L’affaire de suspension de quelques membres du Leader Fanilo, dont son président, Jean-Max Rakotomamonjy, rappelle à quelques détails près la très médiatique affaire de suspension de Jean-Marie Le Pen par le bureau national du Front national, dirigé par sa fille, Marine Le Pen. A quelques détails près parce que si les motifs de la suspension semblent à peu près les mêmes, entre autres la déviation des principes du parti, les contextes sont bien différents. La situation également.

Si en France, le FN cherche à se débarrasser de ses brebis galeuses, c’est parce qu’il cherche à se refaire une belle image, dans l’espoir de briguer la présidence de la République durant les prochaines élections. Les dernières évolutions au sein de ce parti, le regain de notoriété qu’il a affiché lors des précédentes élections en France, le positionnant d’ailleurs comme le troisième parti le plus puissant de l’Hexagone, sont autant de raisons qui peuvent justifier l’assainissement au sein de cette formation politique à polémiques.

Or, pour le Leader Fanilo, la situation est toute autre. Depuis la mort de son fondateur, il n’a cessé d’accumuler les problèmes. Tout cela, non pas parce qu’il a affiché un changement notable qui tend vers le renforcement du parti, mais à cause de la diminution de sa cote de popularité, voire même de sa crédibilité. Mais tout cela n’est effectivement pas propre à ce seul parti. Cette situation concerne presque toutes les formations politiques malgaches qui, faute de casting rigoureux pour le choix leurs membres, et en l’absence d’idéologie qui devrait motiver chacun d’entre eux, finissent par s’effacer devant le parti au pouvoir, souvent puissant.

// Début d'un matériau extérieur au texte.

Lemma polar_phase_ascent s eps t (Uold Unew : factors R n t) (i : 'I_k) :
  polar_phase A s eps Uold Unew -> (i < s)%N -> (Uold i)^T *m Uold i = 1%:M ->
  eps * mxdot (Unew i - Uold i) (Unew i - Uold i) <= mode_gain A i Unew Uold.
Proof.
move=> /(_ i) polar lt_is UU; have [W [WP [prox nonprox]]] := polar lt_is.
set X := Vmat A i Unew Uold *m Lam A i Unew Uold in WP prox nonprox.
have half : eps / 2 * mxdot (Unew i - Uold i) (Unew i - Uold i) <= mxdot (Unew i - Uold i) X.
  have [/prox QP | small] := classic (exists a, eigenvalue (W^T *m X) a /\ a < eps).
    exact: Polar_prox_ascent QP UU.
  rewrite (nonprox small); apply: Polar_eigen_ascent WP _ UU => a eig_a.
  by rewrite leNgt; apply/negP => lt_a; apply: small; exists a.
have : 2 * mxdot (Unew i - Uold i) X <= mode_gain A i Unew Uold.
  rewrite mxdot_mode_update mulr_sumr; apply: ler_sum => j _.
  set a := contr A (mixn i Unew Uold j); set b := contr A (mixn i.+1 Unew Uold j).
  by rewrite -subr_ge0 (_ : _ - _ = (b - a) ^+ 2) ?sqr_ge0 //; ring.
lra.
Qed.

Definition als_update t (T Unext : factors R n t) (i : 'I_k) (j : 'I_t) : Prop :=
  let x := mix i Unext T j in
  col j (Unext i) =
    (Num.sg (contr A x) * (Num.sqrt (\sum_(a < n i) (contr_i A i x a 0) ^+ 2))^-1) *: contr_i A i x.
Lemma submx_spanQ D k (M : 'M[rat]_(k, n)) v :
  (forall l, exists2 w, D w & row l M = rowv w) -> (\row_i v i <= M)%MS -> spanQ D v.
Proof.
move=> /fin_all_exists2 [w Dw M_w] /submxP [X vXM].
exists k, (fun l => X 0 l), w; split=> // i.
move/rowP/(_ i): vXM; rewrite !mxE => ->; apply: eq_bigr => l _.
by move/rowP/(_ i): (M_w l); rewrite !mxE => ->.
Qed.

Lemma clear_denominators v :
  exists2 d : int, d != 0 & exists z : 'I_n -> int, forall i, (z i)%:~R = v i * d%:~R.
Proof.
exists (\prod_i denq (v i)).
  by rewrite prodf_seq_neq0; apply/allP => i _; rewrite denq_neq0.
exists (fun i => numq (v i) * \prod_(j | j != i) denq (v j)) => i.
rewrite [X in _ = _ * X%:~R](bigD1 i) //= !intrM mulrA -numqE.
by congr (_ * _); congr (_%:~R); apply: eq_bigl => j; rewrite andTb.
Qed.

End Spans.

Section KernelRefinement.
Variables (m n : nat) (A : 'M[int]_(m, n)) (D : ('I_n -> int) -> Prop).

Lemma span_proper_separating : span_proper A D ->
  exists z : 'I_n -> int, (forall u, D u -> \sum_i z i * u i = 0) /\
    exists2 u0, kerZ A u0 & \sum_i z i * u0 i != 0.
Proof.
move=> [DA [v [vA vND]]]; have [k [M [M_D D_M]]] := finite_row_basis D.
(* As v is not in the row space of M, a column of cokermx M separates v from D. *)
have /existsP [j vj] : [exists j, (\row_i v i *m cokermx M) 0 j != 0].
  apply: contraNT (introN idP (contra_not (submx_spanQ M_D) vND)) => /existsPn v0.
  by rewrite submxE; apply/eqP/rowP => j; rewrite [RHS]mxE; apply/eqP/negPn/v0.
pose c i := cokermx M i j.
have c_D u : D u -> \sum_i (u i)%:~R * c i = 0.
  move=> /D_M /submxP [X uXM]; have := congr1 (fun N => (N *m cokermx M) 0 j) uXM.
  rewrite -mulmxA mulmx_coker mulmx0 !mxE => uc0; rewrite -[RHS]uc0.
  by apply: eq_bigr => i _; rewrite mxE.
have c_v : \sum_i v i * c i != 0.
  by move: vj; rewrite mxE; under eq_bigr => i _ do rewrite mxE.
have [dc dc0 [z zE]] := clear_denominators c.
have [dv dv0 [u0 u0E]] := clear_denominators v.
have zE' (w : 'I_n -> rat) (x : 'I_n -> int) : (forall i, (x i)%:~R = w i) ->
    (\sum_i z i * x i)%:~R = dc%:~R * \sum_i w i * c i :> rat.
  move=> xw; rewrite rmorph_sum mulr_sumr /=; apply: eq_bigr => i _.
  by rewrite intrM zE xw; ring.
exists z; split.
  move=> u Du; apply/eqP; rewrite -(intr_eq0 rat) (zE' _ _ (fun i => erefl)).
  by rewrite c_D ?mulr0.
exists u0.
  apply/kerQ_intr => j'; under eq_bigr => i _ do rewrite u0E mulrA.
  by rewrite -mulr_suml vA mul0r.
rewrite -(intr_eq0 rat) (zE' _ _ u0E) mulf_eq0 intr_eq0 negb_or dc0 /=.
under eq_bigr => i _ do rewrite mulrAC.
by rewrite -mulr_suml mulf_eq0 intr_eq0 negb_or c_v.
Qed.
Lemma cart_square_ratio_v a b c d (e1 e2 : edge_of X) (s : R) :
  g2 c d -> g1 a b -> val e1 = [set (a, c); (a, d)] -> e2 != e1 -> balanced_ratio e1 e2 s ->
  [\/ val e2 = [set (a, d); (b, d)] /\ s = -1, val e2 = [set (b, d); (b, c)] /\ s = 1
    | val e2 = [set (b, c); (a, c)] /\ s = -1].
Proof.
move=> gcd gab; have ab := adj_neq irr1 gab.
apply: (square_ratio cart_irr); [exact: cart_adjv | exact: cart_adjh
  | by apply: cart_adjv; rewrite sym2 | by apply: cart_adjh; rewrite sym1
  | exact: pair_neq1 | exact: pair_neq1].
Qed.

Lemma pendant_of_ratio_h a b c (e1 e2 : edge_of X) (s : R) :
  g1 a b -> val e1 = [set (a, c); (b, c)] -> e2 != e1 -> balanced_ratio e1 e2 s ->
  pendant g2 c.
Proof.
move=> gab e1E ne21 ratio; have [d gcd] := connected_adj conn2 two2 c.
apply: (pendant_of_proj irr2 (p := snd) (V := val e2) gcd) => z gcz.
case: (cart_square_ratio_h gab gcz e1E ne21 ratio) => -[-> _]; split=> [|u].
all: try by (exists (b, z) + exists (a, z)); rewrite ?inE ?eqxx ?orbT.
all: by rewrite !inE => /orP [] /eqP -> /=; rewrite eqxx ?orbT.
Qed.

Lemma pendant_of_ratio_v a c d (e1 e2 : edge_of X) (s : R) :
  g2 c d -> val e1 = [set (a, c); (a, d)] -> e2 != e1 -> balanced_ratio e1 e2 s ->
  pendant g1 a.
Proof.
move=> gcd e1E ne21 ratio; have [b gab] := connected_adj conn1 two1 a.
apply: (pendant_of_proj irr1 (p := fst) (V := val e2) gab) => z gaz.
case: (cart_square_ratio_v gcd gaz e1E ne21 ratio) => -[-> _]; split=> [|u].
all: try by (exists (z, d) + exists (z, c)); rewrite ?inE ?eqxx ?orbT.
all: by rewrite !inE => /orP [] /eqP -> /=; rewrite eqxx ?orbT.
Qed.

Lemma m2_notin_supp_h a b c (gab : g1 a b) (e e' : edge_of X) (s : R) z :
  balanced_ratio e e' s -> val e = [set (a, c); (b, c)] -> z \in val e' -> z.2 != c ->
  m2_notin_supp R (mkedge gab).
Proof.
move=> ratio eE ze' zc.
apply: (m2_notin_supp_of_ratio (phi := fun x => (x, c)) irr1 _ _ ratio _ ze').
- by move=> x y [].
- by move=> x y; apply: cart_adjh.
- by rewrite eE /= imsetU1 imset_set1.
- by move=> x; apply: contraNneq zc => ->.
Qed.

Lemma m2_notin_supp_v a x y (gxy : g2 x y) (e e' : edge_of X) (s : R) z :
  balanced_ratio e e' s -> val e = [set (a, x); (a, y)] -> z \in val e' -> z.1 != a ->
  m2_notin_supp R (mkedge gxy).
Proof.
move=> ratio eE ze' za.
apply: (m2_notin_supp_of_ratio (phi := fun y => (a, y)) irr2 _ _ ratio _ ze').
- by move=> u v [].
- by move=> u v; apply: cart_adjv.
- by rewrite eE /= imsetU1 imset_set1.
- by move=> u; apply: contraNneq za => ->.
Qed.

Lemma balanced_through_h a b c (e : edge_of X) :
  g1 a b -> val e = [set (a, c); (b, c)] -> exists k : edge_of X -> R, balanced k /\ k e = 1.
Proof.
move=> gab eE; have [d gcd] := connected_adj conn2 two2 c.
have ab := adj_neq irr1 gab.
have [h1 h2 h3 h4] := cart_square_h gab gcd.
exists (square_weighting R (a, c) (b, c) (b, d) (a, d)); split.
  exact (square_weighting_balanced R cart_irr h1 h2 h3 h4).
by apply: (square_weighting_w12 R cart_irr h1 h2 h3 h4) => //; rewrite pair_neq1 // eq_sym.
Qed.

Il n’y a pas que le Leader Fanilo, les autres grands partis politiques ont également des difficultés à démontrer leur solidarité. Les dernières élections sénatoriales l’ont confirmé. Le Mapar, parti de l’ancien président de la Transition, tout comme le Tim de l’ancien président Marc Ravalomanana ou encore l’Arema de Didier Ratsiraka se sont vus se faire trahir par certains de leurs élus. Tout cela parce que la politique basée sur le principe, l’éthique et l’idéologie, n’a pas encore sa place à Madagascar.

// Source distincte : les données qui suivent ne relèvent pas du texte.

(* Let $T:\mathbb{R}_+^N\to\mathbb{R}_{++}^N$ be a standard interference mapping, let $\|\cdot\|_a$ be a monotone norm on $\mathbb{R}^N$, and for each $\bar p>0$ let $(\mathbf{p}_{\bar p},c_{\bar p})$ be the unique solution of the problem described in the context, with $\lambda_{\bar p}:=1/c_{\bar p}$. Let $T_\infty$ be the asymptotic mapping of $T$. Then: (i) The limit $\lambda_\infty:=\lim_{\bar p\to\infty}\lambda_{\bar p}\ge 0$ exists. (ii) Assume in addition that $T$ is continuous. Let $(\bar p_n)_{n\in\mathbb{N}}\subset\mathbb{R}_{++}$ be any monotonically increasing sequence with $\bar p_n\to\infty$, and set $\mathbf{x}_n:=\mathbf{p}_{\bar p_n}/\|\mathbf{p}_{\bar p_n}\|_a$. If $\mathbf{x}_\infty\in\mathbb{R}_+^N$ is an accumulation point of the bounded sequence $(\mathbf{x}_n)_{n\in\mathbb{N}}$, then $(\mathbf{x}_\infty,\lambda_\infty)$ solves the problem: find $(\mathbf{x},\lambda)\in\mathbb{R}_+^N\times\mathbb{R}_+$ with $T_\infty(\mathbf{x})=\lambda\mathbf{x}$ and $\|\mathbf{x}\|_a=1$. (iii) Under the assumptions and notation of (ii), if the problem ''find $(\mathbf{x},\lambda)\in\mathbb{R}_+^N\times\mathbb{R}_+$ with $T_\infty(\mathbf{x})=\lambda\mathbf{x}$ and $\|\mathbf{x}\|_a=1$'' has a unique solution $(\mathbf{x}',\lambda')$, and it lies in $\mathbb{R}_{++}^N\times\mathbb{R}_{++}$, then $\lim_{n\to\infty}\mathbf{x}_n=\mathbf{x}'$ (so $\mathbf{x}_\infty=\mathbf{x}'$) and $\lambda'=\lambda_\infty$.
   Context: Vector inequalities are coordinatewise; $\mathbb{R}_+$, $\mathbb{R}_{++}$ denote nonnegative and positive reals. A norm $\|\cdot\|$ on $\mathbb{R}^N$ is monotone if $\mathbf{0}\le\mathbf{x}\le\mathbf{y}$ implies $\|\mathbf{x}\|\le\|\mathbf{y}\|$. A function $f:\mathbb{R}^N\to\mathbb{R}_{++}\cup\{\infty\}$ is a standard interference function if: (1) for all $\mathbf{x}\in\mathbb{R}_+^N$ and all $\alpha>1$, $\alpha f(\mathbf{x})>f(\alpha\mathbf{x})$; (2) for all $\mathbf{x}_1,\mathbf{x}_2\in\mathbb{R}_+^N$, $\mathbf{x}_1\ge\mathbf{x}_2$ implies $f(\mathbf{x}_1)\ge f(\mathbf{x}_2)$; (3) $f(\mathbf{x})=\infty$ iff $\mathbf{x}\notin\mathbb{R}_+^N$. A standard interference mapping is $T:\mathbb{R}_+^N\to\mathbb{R}_{++}^N$, $T(\mathbf{x})=(t_1(\mathbf{x}),\dots,t_N(\mathbf{x}))$, with each $t_i$ a standard interference function. For a proper function $f:\mathbb{R}^N\to\mathbb{R}\cup\{\infty\}$, its asymptotic function is $f_\infty(\mathbf{x})=\inf\{\liminf_{n\to\infty} f(h_n\mathbf{x}_n)/h_n : h_n\to\infty,\ \mathbf{x}_n\to\mathbf{x}\}$. The asymptotic mapping of $T$ is $T_\infty(\mathbf{x})=((t_1)_\infty(\mathbf{x}),\dots,(t_N)_\infty(\mathbf{x}))$ on $\mathbb{R}_+^N$. For a power budget $\bar p>0$, consider the problem: maximize $c$ over $(\mathbf{p},c)\in\mathbb{R}_+^N\times\mathbb{R}_{++}$ subject to $\mathbf{p}=cT(\mathbf{p})$ and $\|\mathbf{p}\|_a\le\bar p$. It is known that this problem has a unique solution $(\mathbf{p}_{\bar p},c_{\bar p})\in\mathbb{R}_{++}^N\times\mathbb{R}_{++}$, that it satisfies $T(\mathbf{p}_{\bar p})=(1/c_{\bar p})\mathbf{p}_{\bar p}$ and $\|\mathbf{p}_{\bar p}\|_a=\bar p$, and that $\bar p\mapsto c_{\bar p}$ is strictly increasing. *)

From HB Require Import structures.
From mathcomp Require Import all_boot all_order all_algebra.
From mathcomp Require Import all_classical all_reals all_analysis.
Set Implicit Arguments. Unset Strict Implicit. Unset Printing Implicit Defensive.
Import Order.TTheory GRing.Theory Num.Theory.
Import numFieldNormedType.Exports.
Local Open Scope classical_set_scope.
Local Open Scope ring_scope.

C’est encore a priori l’intérêt pécuniaire qui anime les membres des partis politiques. Il n’est de ce fait pas étonnant que les retournements de veste sont fréquents, et que le rajeunissement, voire le renouvellement de la classe politique peine à se concrétiser. Et au vu de l’environnement dans lequel la politique évolue, cette situation risque de perdurer.

Vonjy M.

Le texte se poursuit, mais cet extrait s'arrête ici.